Eily Marlow serves as the Program Associate for Vocation and Reflection in the Center for Civic Engagement at Macalester College. Along with Kiely Todd Roska, Eily is facilitating the upcoming event “Being Real: Practicing Authenticity, Courage, and Humility in Everyday Life” (Thurs., Nov. 9, 9a-3p). Learn more and register online.
Questions that Move Us Toward Our Best Selves
My spouse asked last night, “Am I great at my job or just a worker among workers?”
“Both,” I answered.
It is difficult to ask ourselves such questions. We dare to share them only with our intimates, fearing we might betray too much pride or insecurity in the asking. It is also hard to speak aloud such questions because we do not yet know what we don’t know about ourselves. We need others to help us see our blind spots and find our courage, lest both our character defects and most brilliant attributes remain hidden. In the recovery community this process of asking how good we actually are is called, “right sizing oneself,” being reminded that we are never as amazing or as terrible as we imagine ourselves to be.
Wonderfully Made . . . to Work Together
Thankfully there is one unquestionable truth about who we are and how we move through the world that we are all “fearfully and wonderfully made.” We have each been endowed with particular gifts. We each deserve clarity about those gifts and how we name those gifts for ourselves and with others. On the other hand, we are also self-made. We have been given the capacity for self-determination and growth. When our sense of giftedness and our desire for growth seem in tension, we can wonder whether our efforts are too much or not enough. For example, I have been in a job that I love for 12 years. From time to time, however, I go through periods when I wonder if I should be more ambitious or accept a larger challenge. In low moments I even fret whether I am unable to do anything else. “Am I doing enough?,” the quickly drifts toward “Am I enough?”
What if our society celebrated being an authentic “worker among workers,” as much as it did standing out? A poem by Marge Percy called “To Be of Use” suggests to me the dignity and satisfaction of bringing our authentic selves to our work with others:
I want to be with people who submerge
in the task, who go into the fields to harvest
and work in a row and pass the bags along,
who are not parlor generals and field deserters
but move in a common rhythm
when the food must come in or the fire be put out.
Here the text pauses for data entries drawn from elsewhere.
(* For every positive integer $k$, the $k\times k$ grid graph $R_k$ satisfies $\tau(R_k)=\nu(R_k)=k$.
   Context: $R_k$ is the planar grid graph with vertex set $\{1,\dots,k\}^2$ in which $(i,j)$ and $(i',j')$ are adjacent iff $|i-i'|+|j-j'|=1$. Thicket of $G=(V,E)$: a finite collection $\mathcal H$ of nonempty subsets of $V$ each inducing a connected subgraph and pairwise intersecting; $\tau(\mathcal H)$ is the minimum size of a set meeting every member, and the thicket number $\tau(G)$ is the maximum of $\tau(\mathcal H)$ over all thickets. Vine decomposition: a tree $T$ with labels $V_t\subseteq V$ such that for each vertex $v$ the set $T_v=\{t:v\in V_t\}$ is nonempty and connected in $T$, and for each edge $uv$, $T_u$ and $T_v$ share a node or contain nodes adjacent in $T$; width $\max_t|V_t|$; vinewidth $\nu(G)$ is the minimum width. *)

From mathcomp Require Import all_boot.
Set Implicit Arguments. Unset Strict Implicit. Unset Printing Implicit Defensive.

Section Graphs.
Variable V : finType.

Definition induced (e : rel V) (A : {set V}) : rel V :=
  [rel x y | [&& x \in A, y \in A & e x y]].

Definition connected_in (e : rel V) (A : {set V}) : bool :=
  [forall x in A, forall y in A, connect (induced e A) x y].

Definition simple_graph (e : rel V) : Prop := symmetric e /\ irreflexive e.

Definition thicket (e : rel V) (H : {set {set V}}) : bool :=
  [forall A in H, (A != set0) && connected_in e A] &&
  [forall A in H, forall B in H, A :&: B != set0].

Definition hits (H : {set {set V}}) (X : {set V}) : bool :=
  [forall A in H, A :&: X != set0].

(* tau(H): minimum size of a set meeting every member of H
   (default #|V| if no such set exists, which never happens for thickets) *)
Definition tau_fam (H : {set {set V}}) : nat :=
  \big[minn/#|V|]_(X : {set V} | hits H X) #|X|.

Definition thicket_number (e : rel V) : nat :=
  \max_(H : {set {set V}} | thicket e H) tau_fam H.

End Graphs.

Definition is_tree (T : finType) (eT : rel T) : Prop :=
  [/\ 0 < #|T|, simple_graph eT,
      (forall x y : T, connect eT x y) &
      (forall c : seq T, uniq c -> 2 < size c -> ~~ cycle eT c)].
Hypothesis huv : 1 < u * v.

Lemma eq_cubic_root_bounds (x : R) : eq_cubic u v x = 0 -> 0 < x < 1.
Proof.
  unfold eq_cubic. intro Hg.
  assert (H0 : 0 < x).
  { apply Rnot_le_lt. intro Hx.
    assert (0 <= v * (- x) * (1 - x)) by (apply Rmult_le_pos; [apply Rmult_le_pos |]; lra).
    assert (u * v * 1 * 1 <= u * v * (1 - x) * (1 - v * x * (1 - x))).
    { apply Rmult_le_compat; try lra. apply Rmult_le_compat_l; lra. }
    lra. }
  split; [exact H0 |]. apply Rnot_le_lt. intro Hx.
  assert (0 <= v * x * (x - 1)) by (apply Rmult_le_pos; [apply Rmult_le_pos |]; lra).
  assert (0 <= u * v * (x - 1) * (1 - v * x * (1 - x))).
  { apply Rmult_le_pos; [apply Rmult_le_pos |]; nra. }
  nra.
Qed.

Lemma stable_pos_eq_iff (x y : R) :
  stable_pos_eq u v x y <->
  y = v * x * (1 - x) /\ eq_cubic u v x = 0 /\ eq_cubic' u v x < 0 /\ 0 < margin u v x.
Proof.
  unfold stable_pos_eq, is_positive. rewrite is_equilibrium_11_iff, locally_stable_11_iff.
  split.
  - intros [[Hx Hy] [[Hx0 Hy0] Hst]].
    assert (Hg : eq_cubic u v x = 0).
    { assert (Hxg : x * eq_cubic u v x = 0) by (unfold eq_cubic; rewrite <- Hy; nra).
      apply Rmult_integral in Hxg as [Hxg | Hxg]; lra. }
    rewrite Hy, stability_product_eq, Hg in Hst.
    apply Rabs_def2 in Hst as [Hlt Hgt].
    refine (conj Hy (conj Hg _)). rewrite margin_eq, Hg. split; nra.
  - intros (Hy & Hg & Hd & Hm).
    pose proof (eq_cubic_root_bounds x Hg) as Hx.
    rewrite margin_eq, Hg in Hm. subst y.
    repeat split.
    + unfold eq_cubic in Hg. nra.
    + lra.
    + pose proof (Rmult_lt_0_compat x (1 - x)). nra.
    + rewrite stability_product_eq, Hg. apply Rabs_def1; nra.
Qed.

Lemma eq_cubic_has_root : exists r, eq_cubic u v r = 0.
Proof.
  assert (Hc : continuity (fun x => - eq_cubic u v x)) by (unfold eq_cubic; reg).
  destruct (IVT _ 0 1 Hc) as [r [_ Hr]]; unfold eq_cubic in *; [lra | lra | lra |].
  exists r. lra.
Qed.

Lemma eq_cubic_sub (r x : R) : eq_cubic u v x - eq_cubic u v r = (x - r) * cofactor u v r x.
Proof. unfold eq_cubic, cofactor, cof_b, cof_c. ring. Qed.

Lemma cofactor_diag (r : R) : cofactor u v r r = eq_cubic' u v r.
Proof. unfold cofactor, eq_cubic', cof_b, cof_c. ring. Qed.

Lemma cof_discr_at_root (r : R) :
  eq_cubic u v r = 0 -> eq_cubic' u v r ^ 2 * cof_discr u v r = u ^ 2 * v ^ 4 * kR1 u v.
Proof.
  unfold eq_cubic, eq_cubic', cof_discr, cof_b, cof_c, kR1. intros.
  nsatz_dividing_by (u * v ^ 2) (Rgt_not_eq _ _ uv2_pos).
Qed.

Lemma cof_resultant_at_root (r : R) :
  eq_cubic u v r = 0 -> margin u v r * cof_resultant u v r = - u * v ^ 2 * kS3 u v.
Proof.
  unfold eq_cubic, margin, cof_resultant, cof_b, cof_c, kS3. intros.
  nsatz_dividing_by (u * v ^ 2) (Rgt_not_eq _ _ uv2_pos).
Qed.
(* Let $\mathrm{SG}(n)$ denote the Sprague--Grundy value of a pile of $n$ tokens in the game $i\textsc{-Mark}(\{1\},\{2,3\})$. For every integer $n>1$ there exists an integer $i$ with $1\le i\le 10$ and $i\le n$ such that $\mathrm{SG}(n-i)=1$.
   Context: In the impartial game $i\textsc{-Mark}(\{1\},\{2,3\})$, played on a single pile of $n\ge0$ tokens, a move replaces $n$ by $n-1$ (if $n\ge 1$), or by $n/2$ if $n>0$ is even, or by $n/3$ if $n>0$ is divisible by $3$. The Sprague--Grundy value is defined recursively by $\mathrm{SG}(n)=\mathrm{mex}\{\mathrm{SG}(w): w \text{ an option of } n\}$, where $\mathrm{mex}(T)$ is the smallest nonnegative integer not in $T$. *)

From mathcomp Require Import all_boot.
Set Implicit Arguments. Unset Strict Implicit. Unset Printing Implicit Defensive.

Definition mex (T : seq nat) : nat := find (fun k => k \notin T) (iota 0 (size T).+1).

Definition options (n : nat) : seq nat :=
  (if 0 < n then [:: n.-1] else [::]) ++
  (if (0 < n) && (2 %| n) then [:: n %/ 2] else [::]) ++
  (if (0 < n) && (3 %| n) then [:: n %/ 3] else [::]).

(* Sprague-Grundy recursion with fuel; every option of n is < n,
   so fuel n.+1 suffices for the exact value. *)
Fixpoint sg_fuel (fuel n : nat) : nat :=
  match fuel with
  | 0 => 0
  | f.+1 => mex (map (sg_fuel f) (options n))
  end.

Definition SG (n : nat) : nat := sg_fuel n.+1 n.

(* Suppose SG avoids the value 1 on the block 6t+1, ..., 6t+5.  The positions
   6t+1 and 6t+5 have a single option, so their value is 0.  Then 6t+2 and 6t+4
   have value at least 2, so each has an option of value 1; since 6t+1 has value
   0 and 6t+3 is in the block, these options are 3t+1 and 3t+2.  But 3t+1 is an
   option of 3t+2, so they cannot both have value 1.  Every window of ten
   positions below n > 11 contains such a block. *)

From mathcomp Require Import all_boot.
From mathcomp Require Import zify.

Lemma mex_has_gap (T : seq nat) : has (fun k => k \notin T) (iota 0 (size T).+1).
Proof.
apply/hasPn => /= covered.
have /uniq_leq_size : {subset iota 0 (size T).+1 <= T}.
  by move=> k /covered; rewrite negbK.
by rewrite iota_uniq size_iota ltnn => /(_ isT).
Qed.

Lemma mex_le_size (T : seq nat) : mex T <= size T.
Proof. by rewrite -ltnS -[X in _ < X](size_iota 0) -has_find mex_has_gap. Qed.

Lemma mex_notin (T : seq nat) : mex T \notin T.
Proof.
have := nth_find 0 (mex_has_gap T); rewrite nth_iota ?add0n //.
by rewrite -[X in _ < X](size_iota 0) -has_find mex_has_gap.
Qed.

Lemma mem_mex (T : seq nat) k : k < mex T -> k \in T.
Proof.
move=> k_lt; have /negbFE := before_find 0 k_lt.
by rewrite nth_iota ?add0n // ltnS (leq_trans (ltnW k_lt)) ?mex_le_size.
Qed.

Lemma options_lt n o : o \in options n -> o < n.
Proof.
rewrite /options !mem_cat.
case: (posnP n) => [->|n_gt0] //=; rewrite !inE.
case/orP=> [/eqP->|]; first by lia.
by case/orP; case: ifP => // _; rewrite inE => /eqP->; lia.
Qed.

Lemma predn_in_options n : 0 < n -> n.-1 \in options n.
Proof. by move=> n_gt0; rewrite /options n_gt0 mem_cat mem_head. Qed.

Lemma options_coprime6 n : ~~ (2 %| n) -> ~~ (3 %| n) -> options n = [:: n.-1].
Proof.
move=> n_odd n_not3; have n_gt0 : 0 < n by case: n n_odd n_not3.
by rewrite /options n_gt0 (negbTE n_odd) (negbTE n_not3).
Qed.

Lemma options_even_not3 n :
  2 %| n -> ~~ (3 %| n) -> options n = [:: n.-1; n %/ 2].
Proof.
move=> n_even n_not3; have n_gt0 : 0 < n by case: n n_even n_not3.
by rewrite /options n_gt0 n_even (negbTE n_not3).
Qed.

Lemma sg_fuel_SG f n : n < f -> sg_fuel f n = SG n.
Proof.
elim/ltn_ind: f n => [[|f] IH] n n_lt //.
rewrite /SG /=; congr mex; apply/eq_in_map => o /options_lt o_lt.
by rewrite (IH n) // (IH f) //; lia.
Qed.

Lemma SG_rec n : SG n = mex (map SG (options n)).
Proof.
rewrite {1}/SG /=; congr mex; apply/eq_in_map => o /options_lt o_lt.
exact: sg_fuel_SG.
Qed.

Lemma SG_option_neq n o : o \in options n -> SG o != SG n.
Proof.
move=> o_opt; apply: contraNneq (mex_notin (map SG (options n))).
by rewrite -SG_rec => <-; apply: map_f.
Qed.

Lemma SG_succ_neq n : SG n != SG n.+1.
Proof. exact/SG_option_neq/(predn_in_options n.+1). Qed.

Lemma SG_option_of_lt n k : k < SG n -> exists2 o, o \in options n & SG o = k.
Proof. by rewrite SG_rec => /mem_mex /mapP [o o_opt ->]; exists o. Qed.

Lemma SG_coprime6 n : ~~ (2 %| n) -> ~~ (3 %| n) -> SG n = (SG n.-1 == 0).
Proof.
by move=> n_odd n_not3; rewrite SG_rec options_coprime6 //=; case: (SG n.-1) => [|[]].
Qed.

Lemma SG_half_eq1 n :
  2 %| n -> ~~ (3 %| n) -> 1 < SG n -> SG n.-1 != 1 -> SG (n %/ 2) = 1.
Proof.
move=> n_even n_not3 /SG_option_of_lt [o].
by rewrite options_even_not3 // !inE => /orP [] /eqP -> // ->.
Qed.

Lemma SG_one_in_block t : has (fun m => SG m == 1) (iota (6 * t).+1 5).
Proof.
apply/negPn/negP => /hasPn no_one.
have SG_ne1 k : 0 < k < 6 -> SG (6 * t + k) != 1.
  by move=> k_range; apply: no_one; rewrite mem_iota; lia.
have SG1 : SG (6 * t + 1) = 0.
  by move: (SG_ne1 1 isT); rewrite SG_coprime6; [case: (_ == 0) | lia | lia].
have SG4_ne0 : SG (6 * t + 4) != 0.
  move: (SG_ne1 5 isT); rewrite SG_coprime6; try lia.
  by rewrite (_ : (6 * t + 5).-1 = 6 * t + 4); [case: (_ == 0) | lia].
have SG31 : SG (3 * t + 1) = 1.
  have := SG_succ_neq (6 * t + 1); rewrite -addnS SG1 => SG2_ne0.
  rewrite (_ : 3 * t + 1 = (6 * t + 2) %/ 2); last lia.
  apply: SG_half_eq1; try lia.
    by move: (SG_ne1 2 isT) SG2_ne0; lia.
  by rewrite (_ : (6 * t + 2).-1 = 6 * t + 1) ?SG1; last lia.
have SG32 : SG (3 * t + 2) = 1.
  rewrite (_ : 3 * t + 2 = (6 * t + 4) %/ 2); last lia.
  apply: SG_half_eq1; try lia.
    by move: (SG_ne1 4 isT) SG4_ne0; lia.
  by rewrite (_ : (6 * t + 4).-1 = 6 * t + 3); [apply: SG_ne1 | lia].
by have := SG_succ_neq (3 * t + 1); rewrite -addnS SG31 SG32.
Qed.

Theorem mainTheorem5 (n : nat) : 1 < n ->
  exists i : nat, [/\ 1 <= i, i <= 10, i <= n & SG (n - i) = 1].
Proof.
move=> n_gt1; have [n_le11|n_gt11] := leqP n 11.
  by exists n.-1; split; try lia; rewrite (_ : n - n.-1 = 1) //; lia.
have /hasP [m] := SG_one_in_block ((n - 6) %/ 6).
rewrite mem_iota => m_block /eqP SGm.
by exists (n - m); split; try lia; rewrite subKn ?SGm //; lia.
Qed.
Making their authentic contributions to fulfill a greater goal, people working together have built the church, our infrastructures, and made our technological and medical advances. What would it look like if we could actually celebrate our communities’ shared harvest, rather than worrying so much about individual selves? Could we throw away the measuring sticks and competitions (whether real or imagined) about who does what and how much? Could we instead allow ourselves to be subsumed into the larger mission or the simple task at hand? Instead of producing insecurity, questions like these offer direction about where we need to step up and where we should step back in our work in order to live in a way that is real.
Where Have We Missed the Mark?
This sounds compelling, but how do we get there? I suggest we return to the wisdom of the recovery community and find some tools for continuing to hone ourselves toward the most authentic person we can be in each situation. The recovery community recommends personal reflective practices (alone or with someone we trust) to regularly get a reality check on our own self impression. Much like the ancient Christian practice of Examen, these personal inventories most often happen at night to review the day.
Interestingly, the process of daily inventory (Step 10) comes only after the instruction to do a complete moral inventory of one’s life and discover where we have missed the mark in life (Step 4). Meticulously combing the entirety of one’s life for our flaws might seem painstaking, but the process reveals patterns of unwanted behaviors and opportunities to change. Occasional missteps are not the problem; the problem lies with whatever ways of being and thinking get in the way of our best self.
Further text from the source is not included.